(Collected data)
<<<<

Lemma diag_stable_delta m (W : 'M[F]_(m, n)) (u : 'rV[F]_n) i :
  (forall k, stablemx W (D k)) -> (u <= W)%MS -> u 0 i != 0 ->
  ((delta_mx 0 i : 'rV_n) <= W)%MS.
Proof.
(* Multiplying u by D k - Lambda k 0 j kills coordinate j and keeps coordinate
   i when k separates them; doing this for every j != i isolates e_i. *)
move=> stW uW ui; pose X x := (u *m diag_mx x <= W)%MS.
have X_sep x k j : X x -> X (\row_l (x 0 l * (Lambda k 0 l - Lambda k 0 j))).
  rewrite /X => xW.
  have -> : u *m diag_mx (\row_l (x 0 l * (Lambda k 0 l - Lambda k 0 j)))
      = u *m diag_mx x *m D k + (- Lambda k 0 j) *: (u *m diag_mx x).
    by apply/rowP => l; rewrite !mul_mx_diag !mxE; ring.
  by rewrite addmx_sub ?scalemx_sub // (submx_trans (submxMr _ xW)).
have [x [Xx xi xj]] : exists x, [/\ X x, x 0 i != 0 & forall j, j != i -> x 0 j = 0].
  suff [x [Xx xi xs]] : exists x, [/\ X x, x 0 i != 0 &
      {in [seq j <- enum 'I_n | j != i], forall j, x 0 j = 0}].
    by exists x; split=> // j ji; rewrite xs // mem_filter ji mem_enum.
  elim: (enum _) => [|j s [x [Xx xi xs]]].
    exists (const_mx 1); split=> //; last by rewrite mxE oner_eq0.
    by rewrite /X diag_const_mx mulmx1.
  rewrite /=; case: ifP => [ji | _]; last by exists x.
  have [k sep] := Lambda_sep ji.
  exists (\row_l (x 0 l * (Lambda k 0 l - Lambda k 0 j))); split; first exact: X_sep.
    by rewrite mxE mulf_neq0 // subr_eq0 eq_sym.
  by move=> l; rewrite inE mxE => /predU1P[-> | /xs ->]; rewrite ?subrr ?mulr0 ?mul0r.
have -> : delta_mx 0 i = (u 0 i * x 0 i)^-1 *: (u *m diag_mx x).
  apply/rowP => l; rewrite mul_mx_diag !mxE eqxx /=.
  have [-> | li] := eqVneq l i; first by rewrite mulVf // mulf_neq0.
  by rewrite (xj l li) !mulr0.
exact: scalemx_sub.
Qed.

Lemma diag_stable_sub m m' (W : 'M[F]_(m, n)) (W' : 'M[F]_(m', n)) :
  (forall k, stablemx W (D k)) ->
  (forall i, ((delta_mx 0 i : 'rV_n) <= W)%MS -> ((delta_mx 0 i : 'rV_n) <= W')%MS) ->
  (W <= W')%MS.
Proof.
move=> stW subW; apply/row_subP => r; rewrite [row r W]row_sum_delta.
apply/summx_sub => i _; have [-> | ri] := eqVneq (row r W 0 i) 0.
  by rewrite scale0r sub0mx.
by rewrite scalemx_sub // subW // (diag_stable_delta stW (row_sub r W) ri).
Qed.

Lemma trig_conj_diag_perm (Q : 'M[F]_n) : Q \in unitmx ->
  (forall k, is_trig_mx (Q *m D k *m invmx Q)) ->
  exists s : 'S_n, is_trig_mx (Q *m perm_mx s).
Proof.
(* W k, spanned by the first k rows of Q, is stable under every D l, hence
   spanned by coordinate vectors; sigma k is the coordinate that W k.+1 adds. *)
move=> uQ trigQ; pose W k : 'M_n := pid_mx k *m Q.
have W_stable k l : stablemx (W k) (D l).
  by rewrite /W -mulmxA -[Q *m D l](mulmxKV uQ) mulmxA submxMr ?stablemx_pid_trig.
have rank_W k : (k <= n)%N -> \rank (W k) = k.
  by move=> le_kn; rewrite mxrankMfree ?row_free_unit // rank_pid_mx.
have W_mono k k' : (k <= k')%N -> (W k <= W k')%MS.
  move=> le_kk'; rewrite /W -[pid_mx k]pid_mx_minh -(minn_idPl le_kk') -mul_pid_mx.
  by rewrite -mulmxA submxMl.
pose C k := [set i | ((delta_mx 0 i : 'rV_n) <= W k)%MS].
have C_grow (k : 'I_n) : exists i, i \in C k.+1 :\: C k.
  apply/set0Pn; rewrite setD_eq0; apply/negP => /subsetP subC.
  have : (W k.+1 <= W k)%MS.
    by apply: diag_stable_sub => // i; move/(_ i): subC; rewrite !inE.
  by move/mxrankS; rewrite !rank_W ?ltnn // ltnW.
have [sigma sigmaP] := fin_all_exists C_grow.
have sigma_new j : ~~ ((delta_mx 0 (sigma j) : 'rV_n) <= W j)%MS.
  by have := sigmaP j; rewrite !inE => /andP[].
have sigma_inj : injective sigma.
  suff lt_neq (k k' : 'I_n) : (k < k')%N -> sigma k != sigma k'.
    move=> k k' eq_sigma; apply/val_inj.
    by case: (ltngtP k k') => [/lt_neq | /lt_neq | //]; rewrite eq_sigma eqxx.
  move=> lt_kk'; apply: contraNneq (sigma_new k') => <-.
  by apply: submx_trans (W_mono _ _ lt_kk'); have := sigmaP k; rewrite !inE => /andP[].
exists (perm sigma_inj)^-1%g; apply/is_trig_mxP => k j lt_kj.
rewrite -col_permE mxE permE; apply/eqP; apply: contraNT (sigma_new j) => Qkj.
have kQ_W : (row k Q <= W j)%MS.
  have -> : row k Q = row k (W j).
    by rewrite row_mul pid_mx_diag row_diag_mx mxE lt_kj scale1r -rowE.
  exact: row_sub.
by apply: (diag_stable_delta (W_stable j) kQ_W); rewrite mxE.
Qed.

End SeparatingDiagonalFamily.

Lemma rv_dot_gt0 (R : realDomainType) n (a : 'rV[R]_n) : a != 0 -> 0 < (a *m a^T) 0 0.
Proof.
move=> a_neq0; have -> : (a *m a^T) 0 0 = \sum_j a 0 j ^+ 2.
  by rewrite mxE; apply: eq_bigr => j _; rewrite mxE expr2.
rewrite lt_def sumr_ge0 ?andbT => [|j _]; last exact: sqr_ge0.
rewrite psumr_neq0 => [|j _]; last exact: sqr_ge0.
case/rV0Pn: a_neq0 => j aj; apply/hasP; exists j; rewrite ?mem_index_enum //=.
by rewrite lt0r sqrf_eq0 aj sqr_ge0.
Qed.

Lemma LQ_decomposition (R : rcfType) m n (A : 'M[R]_(m, n)) : row_free A ->
  exists (L : 'M[R]_m) (O : 'M[R]_(m, n)),
    [/\ is_trig_mx L, O *m O^T = 1%:M & A = L *m O].
Proof.
elim: m A => [|m IHm] A freeA.
  by exists 0, 0; rewrite mx0_is_trig [A]flatmx0 mul0mx; split=> //; rewrite !flatmx0.
have [a [A' defA]] : exists (a : 'rV_n) (A' : 'M_(m, n)), A = col_mx a A'.
  by exists (usubmx (A : 'M_(1 + m, n))), (dsubmx (A : 'M_(1 + m, n))); rewrite vsubmxK.
rewrite {A}defA in freeA *; have [B AB] := row_freeP freeA.
have [aB A'B] : a *m B = row_mx (1%:M : 'M_1) 0 /\ A' *m B = row_mx (0 : 'M_(m, 1)) 1%:M.
  by apply/eq_col_mx; rewrite -mul_col_mx AB (scalar_mx_block 1 m) block_mxEv.
have a_neq0 : a != 0.
  apply/eqP => a0; have := congr1 (@lsubmx R 1 1 m) aB; rewrite a0 mul0mx row_mxKl.
  by move/matrixP/(_ 0 0)/eqP; rewrite !mxE eq_sym oner_eq0.
set r := Num.sqrt ((a *m a^T) 0 0); have r_gt0 : 0 < r by rewrite sqrtr_gt0 rv_dot_gt0.
(* Gram-Schmidt: o is the normalized first row and A'' the other rows projected
   onto the orthogonal of o, which are orthonormalized recursively. *)
set o := r^-1 *: a; set c := A' *m o^T; set A'' := A' - c *m o.
have aa : a *m a^T = (r ^+ 2)%:M.
  by rewrite sqr_sqrtr ?ltW ?rv_dot_gt0 // -mx11_scalar.
have oo : o *m o^T = 1%:M.
  rewrite /o linearZ /= -scalemxAl -scalemxAr aa scalerA scale_scalar_mx.
  by rewrite -expr2 -exprMn mulVf ?expr1n // lt0r_neq0.
set B' := rsubmx (B : 'M_(n, 1 + m)).
have oB' : o *m B' = 0 by rewrite -scalemxAl mulmx_rsub aB row_mxKr scaler0.
have A''B' : A'' *m B' = 1%:M.
  by rewrite mulmxBl -mulmxA oB' mulmx0 subr0 mulmx_rsub A'B row_mxKr.
have freeA'' : row_free A'' by apply/row_freeP; exists B'.
have [L' [O' [trigL' O'O' defA'']]] := IHm A'' freeA''.
have [uL' _] : L' \in unitmx /\ O' *m B' \in unitmx.
  by apply: mulmx1_unit; rewrite mulmxA -defA''.
have O'o : O' *m o^T = 0.
  apply: (can_inj (mulKmx uL')); rewrite mulmx0 mulmxA -defA''.
  by rewrite mulmxBl -mulmxA oo mulmx1 subrr.
(* Restate the goal at type 1 + m (convertible to m.+1) so the block lemmas apply. *)
suff : exists (L : 'M_(1 + m)) (O : 'M_(1 + m, n)),
    [/\ is_trig_mx L, O *m O^T = 1%:M & col_mx a A' = L *m O] by [].
exists (block_mx r%:M 0 c L'), (col_mx o O'); split.
- by rewrite is_trig_block_mx // eqxx mx11_is_trig.
- rewrite tr_col_mx mul_col_row oo O'O' O'o -[o *m O'^T]trmxK trmx_mul trmxK O'o.
  by rewrite trmx0 -scalar_mx_block.
- rewrite mul_block_col mul0mx addr0 mul_scalar_mx /o scalerA mulfV ?lt0r_neq0 //.
  by rewrite scale1r -defA'' addrC subrK.
Qed.

Definition sign_mx (R : pzRingType) n (sg : {ffun 'I_n -> bool}) : 'M[R]_n :=
  diag_mx (\row_i (-1) ^+ sg i).
Arguments sign_mx {R n}.

Lemma tr_sign_mx (R : pzRingType) n (sg : {ffun 'I_n -> bool}) :
  (sign_mx sg : 'M[R]_n)^T = sign_mx sg.
Proof. exact: tr_diag_mx. Qed.

Lemma sign_mx_orthogonal (R : pzRingType) n (sg : {ffun 'I_n -> bool}) :
  orthogonal_mx (sign_mx sg : 'M[R]_n).
Proof.
rewrite /orthogonal_mx tr_sign_mx mulmx_diag -diag_const_mx; congr diag_mx.
by apply/rowP => i; rewrite !mxE -expr2 sqrr_sign.
Qed.

Lemma sign_mx_inj (R : numDomainType) n : injective (@sign_mx R n).
Proof.
move=> sg sg' /matrixP eq_sg; apply/ffunP => i.
by have := eq_sg i i; rewrite !mxE eqxx !mulr1n => /signr_inj.
Qed.

Lemma orthogonal_trig_sign (R : realFieldType) n (S : 'M[R]_n) :
  orthogonal_mx S -> is_trig_mx S -> S = sign_mx [ffun i => S i i < 0].
Proof.
rewrite /orthogonal_mx => SS trigS; have [_ uS] := mulmx1_unit SS.
have invS : invmx S = S^T by rewrite -[S^T]mulmx1 -(mulmxV uS) mulmxA SS mul1mx.
have /diag_mxP[x defS] : is_diag_mx S by rewrite is_diag_mxEtrig trigS -invS is_trig_invmx.
rewrite {}defS tr_diag_mx mulmx_diag in SS *; congr diag_mx; apply/rowP => i.
have /eqP : x 0 i ^+ 2 = 1 by move/matrixP/(_ i i): SS; rewrite !mxE eqxx expr2.
rewrite sqr_norm_eq1 !mxE ffunE mxE eqxx mulr1n => /eqP norm_x.
by rewrite {1}[x 0 i]numEsign norm_x mulr1.
Qed.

>>>>

REQUIREMENT:
From the line containing "move=> sg sg'" down to the last line, reproduce the records exactly. Include both ends.

SOLUTION BELOW:
move=> sg sg' /matrixP eq_sg; apply/ffunP => i.
by have := eq_sg i i; rewrite !mxE eqxx !mulr1n => /signr_inj.
Qed.

Lemma orthogonal_trig_sign (R : realFieldType) n (S : 'M[R]_n) :
  orthogonal_mx S -> is_trig_mx S -> S = sign_mx [ffun i => S i i < 0].
Proof.
rewrite /orthogonal_mx => SS trigS; have [_ uS] := mulmx1_unit SS.
have invS : invmx S = S^T by rewrite -[S^T]mulmx1 -(mulmxV uS) mulmxA SS mul1mx.
have /diag_mxP[x defS] : is_diag_mx S by rewrite is_diag_mxEtrig trigS -invS is_trig_invmx.
rewrite {}defS tr_diag_mx mulmx_diag in SS *; congr diag_mx; apply/rowP => i.
have /eqP : x 0 i ^+ 2 = 1 by move/matrixP/(_ i i): SS; rewrite !mxE eqxx expr2.
rewrite sqr_norm_eq1 !mxE ffunE mxE eqxx mulr1n => /eqP norm_x.
by rewrite {1}[x 0 i]numEsign norm_x mulr1.
Qed.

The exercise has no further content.